- [Source information]

***

(* Let $A,B\subset\mathbb{R}^n$ be set-germs at $0$ with $0\in\overline{A}\cap\overline{B}$, and let $h:(\mathbb{R}^n,0)\to(\mathbb{R}^n,0)$ be a bi-Lipschitz homeomorphism (germ). Suppose there are $d>1$ and $C>0$ such that $A\subset ST_d(B;C)$ as germs at $0$. Then $D(h(A))\subset D(h(B))$. Moreover, $D(ST_d(h(A);C'))\subset D(h(B))$ for any $C'>0$.
   Context: A bi-Lipschitz homeomorphism germ is a homeomorphism between neighbourhoods of $0$ fixing $0$ with $K_1|x-y|\le|h(x)-h(y)|\le K_2|x-y|$ for some $0<K_1\le K_2$ near $0$. Sea-tangle neighbourhood: $ST_d(X;C)=\{x\in\mathbb{R}^n : \mathrm{dist}(x,X)\le C|x|^d\}$. ''As germs at $0$'' means after intersecting with some neighbourhood of $0$. Direction set: $D(X)=\{a\in S^{n-1} : \exists\, \{x_i\}\subset X\setminus\{0\},\ x_i\to 0,\ x_i/\|x_i\|\to a\}$. *)

From HB Require Import structures.
From mathcomp Require Import all_boot all_order all_algebra.
From mathcomp Require Import all_classical all_reals all_analysis.
Set Implicit Arguments. Unset Strict Implicit. Unset Printing Implicit Defensive.
Import Order.TTheory GRing.Theory Num.Theory.
Import numFieldNormedType.Exports.
Local Open Scope classical_set_scope.
Local Open Scope ring_scope.

Section Defs.
Variables (R : realType) (n : nat).
Notation V := 'rV[R]_n.

Definition enorm (x : V) : R := Num.sqrt (\sum_(i < n) (x 0 i) ^+ 2).

Definition edist (x : V) (X : set V) : R := inf [set enorm (x - y) | y in X].

Definition seatangle (d : R) (X : set V) (C : R) : set V :=
  [set x | edist x X <= C * (enorm x) `^ d].

Definition germ_subset (X Y : set V) : Prop :=
  exists r : R, 0 < r /\ X `&` [set x | enorm x < r] `<=` Y.

Definition usphere : set V := [set a | enorm a = 1].

Definition dirset (X : set V) : set V :=
  [set a | usphere a /\
    exists u : nat -> V,
      (forall i, X (u i) /\ u i != 0) /\
      u @ \oo --> (0 : V) /\
      (fun i => (enorm (u i))^-1 *: u i) @ \oo --> a].

Definition bilip_homeo_germ (h : V -> V) (U W : set V) : Prop :=
  (open U /\ open W /\ U 0 /\ W 0 /\ h 0 = 0) /\
  (h @` U = W) /\
  {within U, continuous h} /\
  (exists g : V -> V,
     (forall x, U x -> g (h x) = x) /\ {within W, continuous g}) /\
  (exists K1 K2 r : R, 0 < K1 /\ K1 <= K2 /\ 0 < r /\
     forall x y, enorm x < r -> enorm y < r ->
       K1 * enorm (x - y) <= enorm (h x - h y) /\
       enorm (h x - h y) <= K2 * enorm (x - y)).

End Defs.

From Pilot Require Import Defs.
From HB Require Import structures.
From mathcomp Require Import all_boot all_order all_algebra.
From mathcomp Require Import all_classical all_reals all_analysis.
From mathcomp Require Import ring lra.
Import Order.TTheory GRing.Theory Num.Theory.
Import numFieldNormedType.Exports.
Local Open Scope classical_set_scope.
Local Open Scope ring_scope.
Lemma mem_bitseqs k m : (m \in bitseqs k) = (size m == k).
Proof.
elim: k m => [|k IH] [|b m] /=; rewrite ?inE //.
  by rewrite !mem_cat in_nil orbF; apply/negbTE/norP; split; apply/mapP => -[].
rewrite !mem_cat in_nil orbF eqSS -IH.
have consI (c : bool) : injective (cons c) by move=> ? ? [].
have notin c c' s : c != c' -> (c :: m \in map (cons c') s) = false.
  by move=> neq; apply/mapP => -[? _ [eq_c _]]; rewrite eq_c eqxx in neq.
by case: b; rewrite (mem_map (consI _)) notin ?orbF.
Qed.

Lemma partitionsP n la :
  reflect [/\ pairwise geq la, all (fun x => 0 < x) la & sumn la = n]
          (la \in partitions n).
Proof.
have -> : la \in partitions n = is_partition n la.
  rewrite mem_undup mem_filter andb_idr // => /and3P[_ pos /eqP sn].
  apply/flatten_mapP; exists (size la).
    by rewrite mem_iota add0n ltnS -sn sumn_ge_size.
  rewrite mem_seqs_len eqxx; apply/allP => x xla.
  by rewrite (allP pos) //= -sn mem_leq_sumn.
rewrite /is_partition (sorted_pairwise (rev_trans leq_trans)).
by apply: (iffP and3P) => -[? ? /eqP]; split.
Qed.

Definition raise2 (a b : nat) (rho : seq nat) : seq nat :=
  map (addn 2) rho ++ nseq b 2 ++ nseq a 1.

Definition lower2 (nu : seq nat) : seq nat :=
  map (subn^~ 2) (filter (fun x => 3 <= x) nu).

Lemma raise2_lower2 la : pairwise geq la -> all (fun x => 0 < x) la ->
  la = raise2 (count_mem 1 la) (count_mem 2 la) (lower2 la).
Proof.
move=> pla /allP pos; rewrite {1}(pairwise_geq_split 3 pla); congr (_ ++ _).
  by rewrite -map_comp map_id_in // => x; rewrite mem_filter /= => /andP[x3 _]; lia.
rewrite {1}(pairwise_geq_split 2 (pairwise_filter _ pla)) -!filter_predI.
by rewrite (@filter_in_pred1 _ _ 2) ?(@filter_in_pred1 _ _ 1) // => x /pos /=; lia.
Qed.

Lemma lower2_raise2 a b rho : all (fun x => 0 < x) rho -> lower2 (raise2 a b rho) = rho.
Proof.
move=> /allP pos; rewrite /lower2 /raise2 !filter_cat !filter_nseq /= cats0.
rewrite (all_filterP _); last by rewrite all_map; apply/allP => x /pos /=; lia.
by rewrite -map_comp map_id_in // => x _ /=; lia.
Qed.

Lemma lower2_partition la : pairwise geq la ->
  pairwise geq (lower2 la) /\ all (fun x => 0 < x) (lower2 la).
Proof.
move=> pla; split; first by apply: pairwise_geq_map (pairwise_filter _ pla) => x y; lia.
by rewrite all_map; apply/allP => x; rewrite mem_filter /= => /andP[]; lia.
Qed.

Lemma raise2_partition a b rho : pairwise geq rho ->
  pairwise geq (raise2 a b rho) /\ all (fun x => 0 < x) (raise2 a b rho).
Proof.
move=> prho; rewrite /raise2; split;
  last by rewrite !all_cat all_map !all_nseq /= !orbT !andbT; apply/allP.
apply: (pairwise_geq_cat (lo := 2)).
- by apply: pairwise_geq_map prho => x y; lia.
- by apply: (pairwise_geq_cat (lo := 1)); rewrite ?pairwise_geq_nseq // all_nseq ?orbT.
- by rewrite all_map; apply/allP => x _ /=; rewrite leq_addr.
- by rewrite all_cat !all_nseq /= !orbT.
Qed.

Lemma size_raise2 a b rho : size (raise2 a b rho) = size rho + b + a.
Proof. by rewrite !size_cat size_map !size_nseq addnA. Qed.

Lemma sumn_raise2 a b rho :
  sumn (raise2 a b rho) = sumn rho + 2 * size rho + 2 * b + a.
Proof. by rewrite !sumn_cat !sumn_nseq sumn_map_addn; lia. Qed.

Lemma count_raise2 a b rho : all (fun x => 0 < x) rho ->
  count_mem 1 (raise2 a b rho) = a /\ count_mem 2 (raise2 a b rho) = b.
Proof.
move=> /allP pos; rewrite !count_cat !count_map !count_nseq /= !mul1n !mul0n.
by rewrite !(@eq_in_count _ _ pred0) ?count_pred0 ?addn0 // => x /pos /=; lia.
Qed.

Definition peel (st : seq nat -> nat) (nu : seq nat) : nat :=
  if 1 \in nu then (st (lower2 nu)).+1 else st (map predn nu).

Lemma parts_gt1 la : all (fun x => 0 < x) la -> 1 \notin la -> {in la, forall x, 1 < x}.
Proof.
move=> /allP pos la1 x xla; rewrite ltn_neqAle pos // andbT.
by apply: contraNneq la1 => eq1; rewrite eq1.
Qed.

Definition gap (k a b : nat) : bool := b + k <= a.

Lemma gap_trans k : transitive (gap k).
Proof. by rewrite /gap => b a c; lia. Qed.

Lemma gap_addn k c a b : gap k (c + a) (c + b) = gap k a b.
Proof. by rewrite /gap -addnA leq_add2l. Qed.

Lemma sorted_gap_addn k c s : sorted (gap k) (map (addn c) s) = sorted (gap k) s.
Proof. by rewrite sorted_map; apply: eq_sorted => a b; apply: gap_addn. Qed.

Lemma k_measure_ub k la S : subseq S la -> sorted (gap k) S -> size S <= k_measure k la.
Proof.
move=> /subseqP[m sz ->] so.
by apply: (@leq_bigmax_seq _ _ _ (fun m => size (mask m la)) m) => //; rewrite mem_bitseqs sz.
Qed.

Lemma k_measure_attained k la :
  exists2 S, subseq S la & sorted (gap k) S /\ size S = k_measure k la.
Proof.
have m0_in : nseq (size la) false \in bitseqs (size la) by rewrite mem_bitseqs size_nseq.
have m0_gap : sorted (gap k) (mask (nseq (size la) false) la) by rewrite mask_false.
have [m _ [so max_m]] := @bigmax_seq_attained _ _ (fun m => sorted (gap k) (mask m la))
  (fun m => size (mask m la)) _ m0_in m0_gap.
by exists (mask m la); first exact: mask_subseq.
Qed.

Lemma k_measure_addn k c la : k_measure k (map (addn c) la) = k_measure k la.
Proof.
by rewrite /k_measure size_map; apply: eq_big => m; rewrite -map_mask ?size_map //;
  apply: sorted_gap_addn.
Qed.

Lemma sorted_gap2_le2 S : all (fun x => 0 < x <= 2) S -> sorted (gap 2) S -> size S <= 1.
Proof. by case: S => [|x [|y S]] //= /and3P[x2 y2 _] /andP[]; rewrite /gap; lia. Qed.
Lemma wchordless_catl s t : wchordless A (s ++ t) -> wchordless A s.
Proof. by elim: s => [|x [|y [|z r]] IH] //= /andP[-> /IH]. Qed.

Lemma wchordless_catr s t : wchordless A (s ++ t) -> wchordless A t.
Proof. by elim: s => [//|x s IH] /wchordless_behead. Qed.

Lemma wchordless_infix s t : infix s t -> wchordless A t -> wchordless A s.
Proof. by case/infixP=> p [q ->] /wchordless_catr /wchordless_catl. Qed.

Lemma internal_rcons (a b : V) mid : internal (a :: rcons mid b) = mid.
Proof. by rewrite /= size_rcons -cats1 take_size_cat. Qed.

Definition simplicial_outside (U S : {set V}) : Prop :=
  exists v, v \in U :\: S /\ simplicial A U v.

Definition rooted_chordless (U S : {set V}) : Prop :=
  exists w, wchordless A w /\ rooted_in U S w.

Lemma rooted_chordless_sub (U U' S : {set V}) :
  U \subset U' -> rooted_chordless U S -> rooted_chordless U' S.
Proof.
move=> sUU' [w [wc [/andP[sz wU] [eab [inS ne]]]]].
exists w; split=> //; split; last split=> //; last split=> //.
  by rewrite /walk_in sz; apply: sub_all wU => x /(subsetP sUU').
by apply: sub_all inS => x; rewrite !in_setD => /andP[-> /(subsetP sUU')].
Qed.

Lemma rooted_chordless_of_walk (U S : {set V}) a r :
  a \in S -> last a r \in S -> has (fun x => x \notin S) r ->
  {subset a :: r <= U} -> wchordless A (a :: r) -> rooted_chordless U S.
Proof.
move=> aS lastS out sub wc.
have [s1 [mid [s2 [inf s1S s2S mid0 midS]]]] :=
  @rooted_segment _ (fun x => x \in S) a r aS lastS out.
have wU : {subset s1 :: rcons mid s2 <= U} by move=> x /(mem_infix inf)/sub.
exists (s1 :: rcons mid s2); split; first exact: wchordless_infix inf wc.
split; last split; last split; rewrite ?internal_rcons //.
- by apply/andP; split; [rewrite /= size_rcons | apply/allP].
- by exists s1, s2; split=> //; exists (rcons mid s2); rewrite last_rcons.
- apply/allP => x xmid; rewrite in_setD [_ \notin S](allP midS x xmid) wU //.
  by rewrite inE mem_rcons inE xmid !orbT.
Qed.

Lemma simplicial_card_le1 (U : {set V}) v :
  v \in U -> (#|U| <= 1)%N -> simplicial A U v.
Proof.
move=> vU U1; split=> // y z yU _ yv.
by rewrite (card_le1_eqP U1 y v yU vU) eqxx in yv.
Qed.

Hypothesis Asym : forall x y, A x y = A y x.

Definition heavy (m : R) : rel V := fun x y => m < A x y.

Definition chordless_shortening m x (q q' : seq V) : Prop :=
  [/\ subseq q' q, last x q' = last x q, path (heavy m) x q',
      wchordless A (x :: q') & q' != [::]].

Lemma chordless_prepend m x q :
  path (heavy m) x q -> wchordless A q -> q != [::] ->
  exists q', chordless_shortening m x q q'.
Proof.
elim: q x => [//|y q IH] x /andP[hxy hq] wq _.
case: q IH hq wq => [|z q] IH hq wq.
  by exists [:: y]; split; rewrite /= ?eqxx ?hxy.
have [xz|xz] := leP (A x z) m.
  exists [:: y, z & q]; split=> //; first by rewrite /= hxy.
  apply/andP; split; last exact: wq.
  rewrite lt_min (le_lt_trans xz hxy) [A z y]Asym.
  by case/andP: hq => /(le_lt_trans xz) ->.
have hxzq : path (heavy m) x (z :: q).
  by apply/andP; split; [exact: xz | case/andP: hq].
have [q' [sub lst p wc nz]] := IH x hxzq (wchordless_behead wq) isT.
by exists q'; split=> //; apply: subseq_trans sub (subseq_cons _ _).
Qed.

Lemma chordless_subpath m x q :
  path (heavy m) x q -> q != [::] -> exists q', chordless_shortening m x q q'.
Proof.
elim: q x => [//|y q IH] x /andP[hxy hq] _.
case: q IH hq => [|z q] IH hq.
  by exists [:: y]; split; rewrite /= ?eqxx ?hxy.
have [q0 [sub lst p wc _]] := IH y hq isT.
have hyq0 : path (heavy m) x (y :: q0) by rewrite /= hxy.
have [q' [sub' lst' p' wc' nz']] := chordless_prepend hyq0 wc isT.
exists q'; split=> //; last by rewrite lst'.
by apply: subseq_trans sub' _; rewrite /= eqxx.
Qed.

Section HeavyComponent.
Variables (U S : {set V}) (t0 : V).

Local Notation m := (mmin A U).

Definition heavy_out : rel V :=
  fun x y => [&& x \in U :\: S, y \in U :\: S & heavy m x y].

Definition heavy_comp : {set V} :=
  [set x in U :\: S | connect heavy_out t0 x].

Definition heavy_attach : {set V} :=
  [set s in U :&: S | [exists c in heavy_comp, heavy m s c]].

Definition heavy_closure : {set V} := heavy_comp :|: heavy_attach.

Lemma heavy_comp_out : {subset heavy_comp <= U :\: S}.
Proof. by move=> x; rewrite inE => /andP[]. Qed.

Lemma heavy_closure_sub : heavy_closure \subset U.
Proof.
apply/subsetP => x.
by rewrite !inE => /orP[/andP[/andP[_ ->]] | /andP[/andP[->]]].
Qed.

Lemma heavy_closureDS v : v \in heavy_closure :\: S -> v \in heavy_comp.
Proof.
rewrite !inE => /andP[vS /orP[// | /andP[/andP[_ vS']]]].
by rewrite vS' in vS.
Qed.

Lemma heavy_out_path_sub x p : path heavy_out x p -> {subset p <= U :\: S}.
Proof.
elim: p x => [//|y p IH] x /= /andP[/and3P[_ yUS _] /IH pUS] z.
by rewrite inE => /predU1P[->|/pUS].
Qed.

Lemma light_from_comp v x :
  v \in heavy_comp -> x \in U -> x \notin heavy_closure -> A v x <= m.
Proof.
move=> vC xU; rewrite leNgt; apply: contra => hvx.
have [xS|xS] := boolP (x \in S).
  rewrite inE; apply/orP; right; rewrite !inE xU xS /=.
  by apply/exists_inP; exists v; rewrite // /heavy Asym.
have xUS : x \in U :\: S by rewrite in_setD xS.
rewrite inE; apply/orP; left; rewrite inE xUS /=.
move: vC; rewrite inE => /andP[vUS cv].
by apply: connect_trans cv (connect1 _); rewrite /heavy_out vUS xUS.
Qed.

Lemma simplicial_lift v :
  v \in heavy_comp -> simplicial A heavy_closure v -> simplicial A U v.
Proof.
move=> vC [_ sv]; split=> [|y z yU zU yv zv yz].
  by case/setDP: (heavy_comp_out vC).
have [yW|yW] := boolP (y \in heavy_closure); last first.
  by rewrite ge_min (le_trans (light_from_comp vC yU yW) (mmin_le yU zU yz)).
have [zW|zW] := boolP (z \in heavy_closure); last first.
  by rewrite ge_min (le_trans (light_from_comp vC zU zW) (mmin_le yU zU yz)) orbT.
exact: sv.
Qed.

(* Two attachment vertices at weight m are joined by a heavy path through the
   component; its first step cannot go straight to the other end. *)
Lemma attach_rooted s1 s2 :
  s1 \in heavy_attach -> s2 \in heavy_attach -> A s1 s2 <= m ->
  rooted_chordless U S.
Proof.
rewrite !inE => /andP[/andP[s1U s1S] /exists_inP[c1 c1C h1]].
move=> /andP[/andP[s2U s2S] /exists_inP[c2 c2C h2]] light.
have heavy_out_sym : symmetric heavy_out.
  by move=> x y; rewrite /heavy_out /heavy Asym andbCA.
have /connectP[p pp lp] : connect heavy_out c1 c2.
  move: c1C c2C; rewrite !inE => /andP[_ t0c1] /andP[_ t0c2].
  by apply: connect_trans t0c2; rewrite (sym_connect_sym heavy_out_sym).
have pUS := heavy_out_path_sub pp.
have c1US := heavy_comp_out c1C.
have hp : path (heavy m) s1 (c1 :: rcons p s2).
  have hc : path (heavy m) c1 (rcons p s2).
    rewrite rcons_path -lp; apply/andP; split; last by rewrite /heavy Asym.
    by apply: sub_path pp => x y /and3P[_ _].
  by apply/andP.
have [[|b q] [sub lst hq wc nz]] := chordless_subpath hp isT; first by [].
have bq : b \in c1 :: rcons p s2 by apply: (mem_subseq sub); rewrite mem_head.
apply: (@rooted_chordless_of_walk U S s1 (b :: q)) => //.
- by rewrite lst /= last_rcons.
- apply/hasP; exists b; first exact: mem_head.
  move: bq hq; rewrite inE mem_rcons inE => /or3P[/eqP-> | /eqP-> | /pUS].
  + by case/setDP: c1US.
  + by rewrite /= /heavy ltNge light.
  + by case/setDP.
- move=> x; rewrite inE => /predU1P[-> // | /(mem_subseq sub)].
  rewrite inE mem_rcons inE => /or3P[/eqP-> | /eqP-> // | /pUS].
  + by case/setDP: c1US.
  + by case/setDP.
Qed.

Lemma attach_of_full x :
  U \subset heavy_closure -> x \in U -> x \in S -> x \in heavy_attach.
Proof.
move=> full xU xS; have := subsetP full x xU.
rewrite inE => /orP[/heavy_comp_out | //].
by rewrite in_setD xS.
Qed.

Lemma outside_or_rooted_of_full :
  U \subset heavy_closure -> condA A U \/ condB A U ->
  simplicial_outside U S \/ rooted_chordless U S.
Proof.
move=> full.
have light_pair u v : u \in U -> v \in U -> u \in S -> v \in S -> A u v = m ->
    rooted_chordless U S.
  move=> uU vU uS vS Auv.
  by apply: (@attach_rooted u v); rewrite ?attach_of_full ?Auv.
have simplicial_out v : simplicial A U v -> v \notin S -> simplicial_outside U S.
  by move=> [vU sv] vS; exists v; rewrite in_setD vS vU.
case=> [[w [wU [wc [v0 [[r [ew lr]] [sv0 [u uw Au]]]]]]] |
        [u [v [_ [su [sv Auv]]]]]].
  subst w.
  have [v0S|v0S] := boolP (v0 \in S); last by left; apply: simplicial_out sv0 v0S.
  have v0rU : {subset v0 :: r <= U}.
    by case/andP: wU => _ /allP wU x xr; apply: wU.
  have [out|/hasPn inS] := boolP (has (fun x => x \notin S) r).
    have lastS : last v0 r \in S by rewrite lr.
    by right; apply: rooted_chordless_of_walk v0S lastS out v0rU wc.
  have ur : u \in r := mem_take uw.
  have uS : u \in S := negbNE (inS u ur).
  have v0U : v0 \in U by apply: v0rU; rewrite mem_head.
  have uU : u \in U by apply: v0rU; rewrite inE ur orbT.
  by right; apply: (light_pair v0 u).
have [uS|uS] := boolP (u \in S); last by left; apply: simplicial_out su uS.
have [vS|vS] := boolP (v \in S); last by left; apply: simplicial_out sv vS.
by right; apply: (light_pair u v) => //; [case: su | case: sv].
Qed.

End HeavyComponent.

Definition hereditary_AB (U : {set V}) : Prop :=
  forall W : {set V}, W \subset U -> (2 <= #|W|)%N -> condA A W \/ condB A W.

Lemma simplicial_outside_or_rooted (U S : {set V}) :
  hereditary_AB U -> U :\: S != set0 ->
  simplicial_outside U S \/ rooted_chordless U S.
Proof.
have [n leUn] := ubnP #|U|; elim: n U leUn S => // n IH U /ltnSE-leUn S hU.
case/set0Pn=> t0 t0US.
have [le1|gt1] := leqP #|U| 1.
  have t0U : t0 \in U by case/setDP: t0US.
  by left; exists t0; split; last exact: simplicial_card_le1 t0U le1.
have t0C : t0 \in heavy_comp U S t0 by rewrite inE t0US connect0.
have [pW|] := boolP (heavy_closure U S t0 \proper U); last first.
  rewrite properE heavy_closure_sub /= negbK => full.
  exact: outside_or_rooted_of_full full (hU U (subxx U) gt1).
have hW : hereditary_AB (heavy_closure U S t0).
  by move=> W sW; apply: hU; apply: subset_trans sW (proper_sub pW).
have t0W : heavy_closure U S t0 :\: S != set0.
  by apply/set0Pn; exists t0; rewrite in_setD in_setU t0C andbT; case/setDP: t0US.
case: (IH _ (leq_trans (proper_card pW) leUn) S hW t0W) => [[v [vWS sv]] | rw].
  have vC := heavy_closureDS vWS.
  left; exists v; split; first exact: heavy_comp_out vC.
  exact: simplicial_lift vC sv.
by right; apply: rooted_chordless_sub rw; apply: proper_sub.
Qed.

Lemma side_dichotomy (Z Z' : {set V}) :
  (forall U : {set V}, U \proper [set: V] -> (2 <= #|U|)%N ->
     condA A U \/ condB A U) ->
  Z :\: Z' != set0 -> Z' :\: Z != set0 ->
  simplicial_outside Z (Z :&: Z') \/ rooted_chordless Z (Z :&: Z').
Proof.
move=> hAB /set0Pn[z] + /set0Pn[y]; rewrite !inE => /andP[zNZ' zZ] /andP[yNZ _].
apply: simplicial_outside_or_rooted.
  move=> W sW; apply: hAB; apply: sub_proper_trans sW _.
  by apply/properP; split; [apply: subsetT | exists y].
by apply/set0Pn; exists z; rewrite !inE zZ zNZ'.
Qed.

End ChordlessWalks.

Theorem lemma9 (R : realFieldType) (V : finType) (A : V -> V -> R)
  (X Y : {set V}) :
  (1 < #|V|)%N ->
  (forall x y, A x y = A y x) ->
  separation A X Y ->
  (forall Z, Z = X \/ Z = Y -> propP A X Y Z) ->
  (forall U : {set V}, U \proper [set: V] -> (2 <= #|U|)%N ->
     condA A U \/ condB A U) ->
  forall Z, Z = X \/ Z = Y -> propP1 A X Y Z \/ propP2 A X Y Z.
Proof.
move=> _ Asym [_ [XnY [YnX _]]] _ hAB Z [->|->].
  by case: (side_dichotomy Asym hAB XnY YnX); [left | right].
by move: (side_dichotomy Asym hAB YnX XnY); rewrite setIC => -[]; [left | right].
Qed.
Definition flat (C : lmodType k) : Prop :=
  forall (M N : lmodType k) (f : M -> N), klinear f -> injective f ->
    injective (tmap (@id C) f).

Section Datum.
Variables (H : algType k) (DH : H -> tensor H H) (eH : H -> k)
          (A : algType k) (rhoA : A -> tensor H A)
          (C : lmodType k) (DC : C -> tensor C C) (eC : C -> k)
          (actC : C -> H -> C).

Definition DoiHopf_datum :=
  [/\ is_bialgebra DH eH, is_comodule_algebra DH eH rhoA,
      is_module_coalgebra DH eH DC eC actC & flat C].

Definition is_DH_module (M : lmodType k) (act : M -> A -> M) (coact : M -> tensor C M) :=
  [/\ is_right_module act,
      is_left_comodule DC eC coact &
      forall m a, coact (act m a)
        = tlift (fun c n => tlift (fun h b => actC c h \ot act n b) (rhoA a)) (coact m)].

Definition is_DH_morphism (M : lmodType k) (actM : M -> A -> M) (coactM : M -> tensor C M)
  (N : lmodType k) (actN : N -> A -> N) (coactN : N -> tensor C N) (f : M -> N) :=
  [/\ klinear f,
      forall m a, f (actM m a) = actN (f m) a &
      forall m, coactN (f m) = tmap id f (coactM m)].

(* the right adjoint G : M_A -> C, G(N) = C (x) N *)
Definition Gact (N : lmodType k) (actN : N -> A -> N) (x : tensor C N) (a : A) :
  tensor C N :=
  tlift (fun c n => tlift (fun h b => actC c h \ot actN n b) (rhoA a)) x.
Definition Gcoact (N : lmodType k) (x : tensor C N) : tensor C (tensor C N) :=
  tlift (fun c n => tlift (fun c1 c2 => c1 \ot (c2 \ot n)) (DC c)) x.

***

- [Problem statement]
Write out, word for word, all lines from the line that holds "[/\ is_bialgebra DH" through the last line of the listing, with both end lines kept.

- [Expected answer]
  [/\ is_bialgebra DH eH, is_comodule_algebra DH eH rhoA,
      is_module_coalgebra DH eH DC eC actC & flat C].

Definition is_DH_module (M : lmodType k) (act : M -> A -> M) (coact : M -> tensor C M) :=
  [/\ is_right_module act,
      is_left_comodule DC eC coact &
      forall m a, coact (act m a)
        = tlift (fun c n => tlift (fun h b => actC c h \ot act n b) (rhoA a)) (coact m)].

Definition is_DH_morphism (M : lmodType k) (actM : M -> A -> M) (coactM : M -> tensor C M)
  (N : lmodType k) (actN : N -> A -> N) (coactN : N -> tensor C N) (f : M -> N) :=
  [/\ klinear f,
      forall m a, f (actM m a) = actN (f m) a &
      forall m, coactN (f m) = tmap id f (coactM m)].

(* the right adjoint G : M_A -> C, G(N) = C (x) N *)
Definition Gact (N : lmodType k) (actN : N -> A -> N) (x : tensor C N) (a : A) :
  tensor C N :=
  tlift (fun c n => tlift (fun h b => actC c h \ot actN n b) (rhoA a)) x.
Definition Gcoact (N : lmodType k) (x : tensor C N) : tensor C (tensor C N) :=
  tlift (fun c n => tlift (fun c1 c2 => c1 \ot (c2 \ot n)) (DC c)) x.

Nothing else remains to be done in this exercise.